On the verge of the tenth round of presidential elections, the Committee to Defend Free, Healthy and Fair Elections, has issued an analytical statement which elucidates the current circumstances in which the upcoming elections will be held, adding that observation by civil society institutions can serve as an assurance toward the holding of free, healthy and fair elections. The statement issued by the Committee to Defend Free, Healthy and Fair Elections, which was set up in August 2007 at the suggestion of the Defenders of Human Rights Center, by a group of social and political activists, argues that given the lack of an open political environment, the absence of a free press, and the limitations placed on the activities of political parties and non-governmental organizations, oversight of the upcoming presidential elections provided by national and international civil society institutions provides a legal strategy for ensuring that the upcoming elections are indeed free, healthy and fair. The statement issued by the Committee to Defend Free, Healthy and Fair Elections appears below:
In the Name of God
Civil Society Institutions as Election Observers: An Assurance toward Free, Healthy and Fair Elections
The Committee for Free, Healthy and Fair Elections as an independent civil society group, comprised of a group of political and social activists, in line with its mandate, and also with the intent of carrying out its mandate as an observer of elections, believes that given the lack of an open political environment, the absence of a free press, and the limitations placed on the activities of political parties and non-governmental organizations, oversight of the upcoming presidential elections provided by national and international civil society institutions provides a legal strategy for ensuring that the upcoming elections are indeed free, healthy and fair.
Certain developments during the short period leading up to the tenth round of presidential elections, exemplify that the upcoming election will not meet the necessary standards for the holding of free, healthy and fair elections. These developments include: the actions of the Islamic Republic of Iran Broadcasting Agency (IRIB), and opinions expressed by some military officials as well as some high ranking officials in charge of carrying out the elections or providing oversight to the process of elections. Additionally, the authoritarian interpretation of oversight of the elections and the continued practice of vetting of candidates at the highest of levels raise and increase existing concerns about the fairness of the upcoming elections in June. The position of the Chair of the Expediency Council, as we are approaching elections, warns of the unlikelihood of political groups who differ in their perspectives and political positions from the dominant ruling hierarchy to introduce candidates for the elections.
Unfortunately and despite the fact that according to election laws the right of the people and especially of candidates standing for elections to oversee and serve as observers over the process of elections, is officially recognized, the extreme reactions of some officials and some of those involved in the elections against oversight by the public with the intent to safeguard their votes, has created serious concerns about the fairness of elections among the public and among political and democratic forces. We remind that the “Declaration of Principles for International Election Observers” which was commemorated on 27 October, 2005 at the United Nations in NY, has been endorsed by 21 inter-governmental and non-governmental groups, including the Inter-Parliamentary Union, of which the Islamic Consultative Assembly of Iran (Parliament) is a member. Also, in 1994 the Inter-Parliamentary Union unanimously adopted the “Declaration on Criteria for Free and Fair Elections.”
The first section of the United Nations Declaration of Principles for International Election Observers states: “genuine democratic elections are an expression of sovereignty, which belongs to the people of a country, the free expression of whose will provides the basis for the authority and legitimacy of government. The rights of citizens to vote and to be elected at periodic, genuine democratic elections are internationally recognized human rights.” Besides being adopted by the members of the Inter Parliamentary Union, including Iran, the first section of the Declaration is in line with the 56th Article of the Iranian Constitution, which states: “Absolute sovereignty over the world and man belongs to God, and it is He Who has made man master of his own social destiny. No one can deprive man of this divine right, nor subordinate it to the vested interests of a particular individual or group.”
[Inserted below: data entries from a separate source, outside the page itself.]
(* There is an absolute constant $c > 0$ such that for every integer $L \geq 2$, every $m$, and every $\lambda \in [m]^{L+1}$ with pairwise distinct entries, the following holds: if $\lambda = \tau^0, \tau^1, \ldots, \tau^N$ is any sequence of states such that for each $s \in [N]$, $\tau^s = (j_s - 1, j_s)\tau^{s-1}$ for some $j_s \in \{1,\ldots,L\}$, and $\tau^N_L = \lambda_0$, then there exists $s \in \{0,\ldots,N\}$ such that $|\{\ell \in \{0,\ldots,L\} : \tau^s_\ell \neq \lambda_\ell\}| \geq c\log L$.
   Context: States are vectors $\tau = (\tau_0, \ldots, \tau_L) \in [m]^{L+1}$ (coordinate $\ell$ is level $\ell$); $(a,b)\tau$ denotes $\tau$ with the entries at levels $a$ and $b$ exchanged. Thus the sequence transforms $\lambda$ into a state whose level-$L$ entry is the original level-0 entry, using only swaps of adjacent levels. *)

From mathcomp Require Import all_boot.
From mathcomp Require Import fingroup perm.
From Stdlib Require Import Reals.

Set Implicit Arguments.
Unset Strict Implicit.
Unset Printing Implicit Defensive.

(* A state is tau : {ffun 'I_(L+1) -> 'I_m}; level l entry is tau l.
   (a,b)tau : the state with the entries at levels a and b exchanged. *)
Definition swap_lv (n m : nat) (a b : 'I_n) (t : {ffun 'I_n -> 'I_m})
  : {ffun 'I_n -> 'I_m} := [ffun l => t (tperm a b l)].

From mathcomp Require Import all_boot fingroup perm zify.
From Stdlib Require Import Reals Lra Psatz.
(* Reals rebinds [^] on nat to [Nat.pow]; restore [expn]. *)
Import ssrnat.

Set Implicit Arguments.
Unset Strict Implicit.
Unset Printing Implicit Defensive.

(* Call the window of levels (a, b] clean at time s when tau s agrees there
   with lam. If an entry x crosses a clean window of 2^k levels from below,
   then at some moment of the crossing at least k + 1 levels of the window are
   displaced; reflecting the levels gives the same for crossings from above.
   Induction on k: cut the window at c into two halves, let t be the last time
   before x reaches b at which the upper half is clean, and apply induction to
   the upper half after t; it stays dirty from then on. If the lower half is
   clean at the moment obtained, then either x is still below it and has to
   cross it again, or x has left the levels <= c and some value y has entered
   them: y either crosses the lower half downwards (a crossing from below in
   reversed time), or y is the lam-value of a level in the lower half coming
   from above b, whose crossing of the upper half from above leaves that level
   displaced. For the window (0, L] and k = floor (log2 L) this gives at least
   ln L displaced levels. *)

Lemma injective_exchange (I T : finType) (t t' : {ffun I -> T}) (S : {set I}) x :
  injective t -> injective t' -> {subset codom t' <= codom t} ->
  x \in t @: S -> x \notin t' @: S ->
  exists p1 p2, [/\ p1 \in S, p2 \notin S & t' p1 = t p2].
Proof.
move=> t_inj t'_inj sub xS xS'.
have /subsetPn [y yS' yS] : ~~ (t' @: S \subset t @: S).
  apply: contra xS' => subS.
  suff -> : t' @: S = t @: S by [].
  by apply/eqP; rewrite eqEcard subS (card_imset _ t_inj) (card_imset _ t'_inj) leqnn.
case/imsetP: yS' yS => p1 p1S -> p1S'.
have /codomP [p2 e] := sub _ (codom_f t' p1).
exists p1, p2; split => //.
by apply: contra p1S' => p2S; rewrite e imset_f.
Qed.

Section Walks.
Variables (n : nat) (T : finType).
Implicit Types (t lam : {ffun 'I_n -> T}) (tau : nat -> {ffun 'I_n -> T}).

(* Stuttering steps let a finite sequence of swaps continue forever. *)
Definition adj_step t t' : Prop :=
  t' = t \/ exists i j : 'I_n, j = i.+1 :> nat /\ t' = [ffun l => t (tperm i j l)].

Definition walk tau := forall s, adj_step (tau s) (tau s.+1).

Definition mirror t := [ffun l => t (rev_ord l)].

Lemma adj_step_perm t t' :
  adj_step t t' -> exists p : {perm 'I_n}, t' = [ffun l => t (p l)].
Proof.
case=> [->|[i [j [_ ->]]]]; last by exists (tperm i j).
by exists 1%g; apply/ffunP => l; rewrite ffunE perm1.
Qed.

Lemma adj_step_sym t t' : adj_step t t' -> adj_step t' t.
Proof.
case=> [->|[i [j [ij ->]]]]; first by left.
by right; exists i, j; split => //; apply/ffunP => l; rewrite !ffunE tpermK.
Qed.

Lemma adj_step_move t t' (l : 'I_n) : adj_step t t' ->
  exists l' : 'I_n, [/\ t' l' = t l, l' <= l.+1 & l <= l'.+1].
Proof.
case=> [->|[i [j [ij ->]]]]; first by exists l; split => //; lia.
exists (tperm i j l); rewrite ffunE tpermK; split => //; case: tpermP => [->|->|]; lia.
Qed.

Lemma adj_step_mirror t t' : adj_step t t' -> adj_step (mirror t) (mirror t').
Proof.
case=> [->|[i [j [ij ->]]]]; first by left.
right; exists (rev_ord j), (rev_ord i); split; first by have := ltn_ord j; rewrite /=; lia.
apply/ffunP => l; rewrite !ffunE; congr (t _).
case: (tpermP (rev_ord j) (rev_ord i) l) => [->|->|lj li]; rewrite ?rev_ordK ?tpermL ?tpermR //.
by rewrite tpermD //; apply/eqP => e; [apply: li | apply: lj]; rewrite e rev_ordK.
Qed.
The fourth section of the United Nations Declaration explains: “International election observation is: the systematic, comprehensive and accurate gathering of information concerning the laws, processes and institutions related to the conduct of elections and other factors concerning the overall electoral environment; the impartial and professional analysis of such information; and the drawing of conclusions about the character of electoral processes based on the highest standards for accuracy of information and impartiality of analysis.”

The ninth section of the Declaration emphasizes that: “International election observation must be conducted with respect for the sovereignty of the country holding elections and with respect for the human rights of the people of the country. International election observation missions must respect the laws of the host country, as well as national authorities, including electoral bodies, and act in a manner that is consistent with respecting and promoting human rights and fundamental freedoms.” In the end and according to the 12th section of the Declaration an international observation mission is possible only if the country holding the election issues an invitation or otherwise indicates its willingness to accept an international election observation mission prior to the holding of elections. Besides the willingness of the government, acceptance of international observer missions by political competitors is a necessity.
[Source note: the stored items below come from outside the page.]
End ArgminCompLinear.

Section CompLinear.

Variables (n m : nat) (A : mat m n) (g : vec m -> R) (gg : vec m -> vec m).
Let grad_f := fun x : vec n => mulmv (tr_mat A) (gg (mulmv A x)).

Lemma is_gradient_comp_linear nA :
  is_gradient g gg -> is_spectral_norm A nA ->
  is_gradient (fun x => g (mulmv A x)) grad_f.
Proof.
move=> Hg HA x eps Heps.
have HnA := spectral_norm_ge0 HA.
have Heps' : 0 < eps / (nA + 1) by apply: Rdiv_lt_0_compat; lra.
have [dl [Hdl Hd]] := Hg (mulmv A x) _ Heps'.
exists (dl / (nA + 1)); split=> [|h Hh]; first by apply: Rdiv_lt_0_compat; lra.
have HAh := spectral_norm_bound HA h.
have Hh0 := vnorm_ge0 h.
have Hh' : vnorm h * (nA + 1) < dl.
  by move: Hh; rewrite /Rdiv => Hh; apply: (Rmult_lt_reg_r (/ (nA + 1)));
     [apply: Rinv_0_lt_compat; lra | rewrite Rmult_assoc Rinv_r; lra].
have := Hd (mulmv A h) ltac:(nra).
rewrite mulmvD => Herr; rewrite /grad_f dotC -dot_mulmv_tr dotC.
apply: Rle_trans Herr _.
have -> : eps / (nA + 1) * vnorm (mulmv A h) = eps * (vnorm (mulmv A h) / (nA + 1)) by field; lra.
apply: Rmult_le_compat_l; first lra.
apply: (Rmult_le_reg_r (nA + 1)); first lra.
by rewrite /Rdiv Rmult_assoc Rinv_l; nra.
Qed.

Lemma lipschitz_grad_comp_linear L nA :
  lipschitz gg L -> 0 <= L -> is_spectral_norm A nA -> lipschitz grad_f (L * nA ^ 2).
Proof.
move=> Hlip HL HA x z; rewrite /grad_f -mulmvB.
have HnA := spectral_norm_ge0 HA.
apply: Rle_trans (spectral_norm_bound_tr HA _) _.
have Hg := Hlip (mulmv A x) (mulmv A z); rewrite -mulmvB in Hg.
have HAxz := spectral_norm_bound HA (vsub x z).
have HLM : L * vnorm (mulmv A (vsub x z)) <= L * (nA * vnorm (vsub x z)).
  exact: Rmult_le_compat_l.
have := Rmult_le_compat_l nA _ _ HnA (Rle_trans _ _ _ Hg HLM).
by rewrite /=; lra.
Qed.

Lemma strongly_convex_comp_linear_error_bound sigma theta (x xb : vec n) :
  0 < sigma -> 0 < theta -> strongly_convex g gg sigma ->
  vnorm (vsub x xb) <= theta * vnorm (vsub (mulmv A xb) (mulmv A x)) ->
  g (mulmv A xb) >= g (mulmv A x) + dot (grad_f x) (vsub xb x)
                   + sigma / (2 * theta ^ 2) * vnorm (vsub x xb) ^ 2.
Proof.
move=> Hsig Htheta Hsc Hbound.
have Hs := Hsc (mulmv A xb) (mulmv A x).
rewrite /grad_f dotC -dot_mulmv_tr dotC mulmvB.
set N := vnorm (vsub x xb) in Hbound *.
set M := vnorm (vsub (mulmv A xb) (mulmv A x)) in Hbound Hs *.
have HN : 0 <= N := vnorm_ge0 _.
have Ht2 : 0 < theta ^ 2 by apply: pow_lt.
have HN2 : N ^ 2 <= theta ^ 2 * M ^ 2 by rewrite -Rpow_mult_distr; apply: pow_incr; lra.
have Hgrowth : sigma / (2 * theta ^ 2) * N ^ 2 <= sigma / 2 * M ^ 2.
  have -> : sigma / 2 * M ^ 2 = sigma / (2 * theta ^ 2) * (theta ^ 2 * M ^ 2) by field; lra.
  by apply: Rmult_le_compat_l => //; apply: Rlt_le; apply: Rdiv_lt_0_compat; lra.
lra.
Qed.

End CompLinear.

Lemma stack_norm_feasible p n m (C : mat p n) d (x : vec n) (u : vec m) :
  polyhedron C d x -> stack_norm u (vpos (vsub (mulmv C x) d)) = vnorm u.
Proof.
move=> Hx; rewrite /stack_norm /vnorm (_ : dot _ (vpos _) = 0) ?Rplus_0_r //.
rewrite /dot big1 // => i _; rewrite /vpos /vsub Rmax_right; first ring.
by have := Hx i; lra.
Qed.

Unset Implicit Arguments.

Theorem theorem8 (n m p : nat) (C : mat p n) (d : vec p) (A : mat m n)
  (g : vec m -> R) (gg : vec m -> vec m) (sigma_g L_g : R) (nA : R) :
  is_gradient g gg ->
  0 < sigma_g ->
  strongly_convex g gg sigma_g ->
  lipschitz gg L_g ->
  (exists i j, A i j <> 0) ->
  is_spectral_norm A nA ->
  let f := fun x : vec n => g (mulmv A x) in
  let X := polyhedron C d in
  let Xstar := argmin_set f X in
  (exists xs, Xstar xs) ->
  (exists! t : vec m,
      (forall xs, Xstar xs -> mulmv A xs = t) /\
      (forall x, Xstar x <-> (mulmv A x = t /\ vle (mulmv C x) d))) /\
  (exists gf : vec n -> vec n,
      is_gradient f gf /\
      lipschitz gf (L_g * nA ^ 2) /\
      forall (t : vec m) (theta : R),
        (forall xs, Xstar xs -> mulmv A xs = t) ->
        0 < theta ->
        (forall x xb, is_proj Xstar x xb ->
           vnorm (vsub x xb) <=
             theta * stack_norm (vsub (mulmv A x) t) (vpos (vsub (mulmv C x) d))) ->
        forall fs, is_min_value f X fs ->
        forall x xb, X x -> is_proj Xstar x xb ->
          fs >= f x + dot (gf x) (vsub xb x)
                + sigma_g / (2 * theta ^ 2) * (vnorm (vsub x xb)) ^ 2).
Proof.
move=> Hgrad Hsig Hsc Hlip [i0 _] HA f X Xstar [xs Hxs].
have Himg := argmin_comp_linear_image_unique Hsig Hsc (@polyhedron_vmid _ _ C d).
split.
  exists (mulmv A xs); split=> [|t [Ht _]]; last exact: Ht.
  split=> [x Hx|]; first exact: Himg.
  by apply: argmin_comp_linear_fiber => // x Hx; exact: Himg.
have HLg : 0 <= L_g := lipschitz_ge0 i0 Hlip.
exists (fun x => mulmv (tr_mat A) (gg (mulmv A x))); split; last split.
- exact: is_gradient_comp_linear Hgrad HA.
- exact: lipschitz_grad_comp_linear Hlip HLg HA.
move=> t theta Ht Htheta Hhof fs [[y [Hy Hfy]] Hfs] x xb Hx Hp.
have Hxb : Xstar xb by case: Hp.
have -> : fs = f xb by have := Hfs _ (proj1 Hxb); have := proj2 Hxb _ Hy; lra.
apply: strongly_convex_comp_linear_error_bound => //.
by rewrite (Ht _ Hxb) (vnorm_subC t) -(stack_norm_feasible (vsub (mulmv A x) t) Hx); apply: Hhof.
Qed.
It is necessary to explain that international observance of elections in no way constitutes the undermining of national independence or the sovereignty of the country, rather it is in line with international commitments of the government of the Islamic Republic of Iran, agreed upon based on the capacity and mechanisms provided in this respect in the Iranian Constitution. States and governments are subject to adhering to national and international standards in pressing for their rights to sovereignty. In other words, the legitimacy of a national state is greatly linked to its ability to observe the rights of its people and the peoples’ right to govern itself. No one equates the presence of Iran’s representative in the United Nations, the International Atomic Energy Agency (IAEA) or Iran’s desire to become a member of the World Trade Organization (WTO) and so forth, as a factor undermining the national sovereignty of the country and there exists no with respect to the importance of establishing and maintaining such relations. Likewise the cooperation of Iran with the International Atomic Energy Agency, the oversight provided over Iran’s nuclear activities by the IAEA or the cooperation of Iran for oversight of elections for the Football Federation, has not inflicted any harm on the government or the people of Iran, nor has it undermined the country’s independence and national sovereignty, rather these types of collaborative relations have been adopted as a logical strategy in line with concepts of international trust building. The proposal on the importance of observation of elections by international and national civil society groups of the tenth round of presidential elections can be assessed in line with this same logic. Of course, it should be noted, that the presence of and interference of foreign governments in elections in various countries has never proved a positive measure and therefore we do not recommended this for Iran or for any other country. Here we are speaking of observation of the Presidential elections by international civil society institutions.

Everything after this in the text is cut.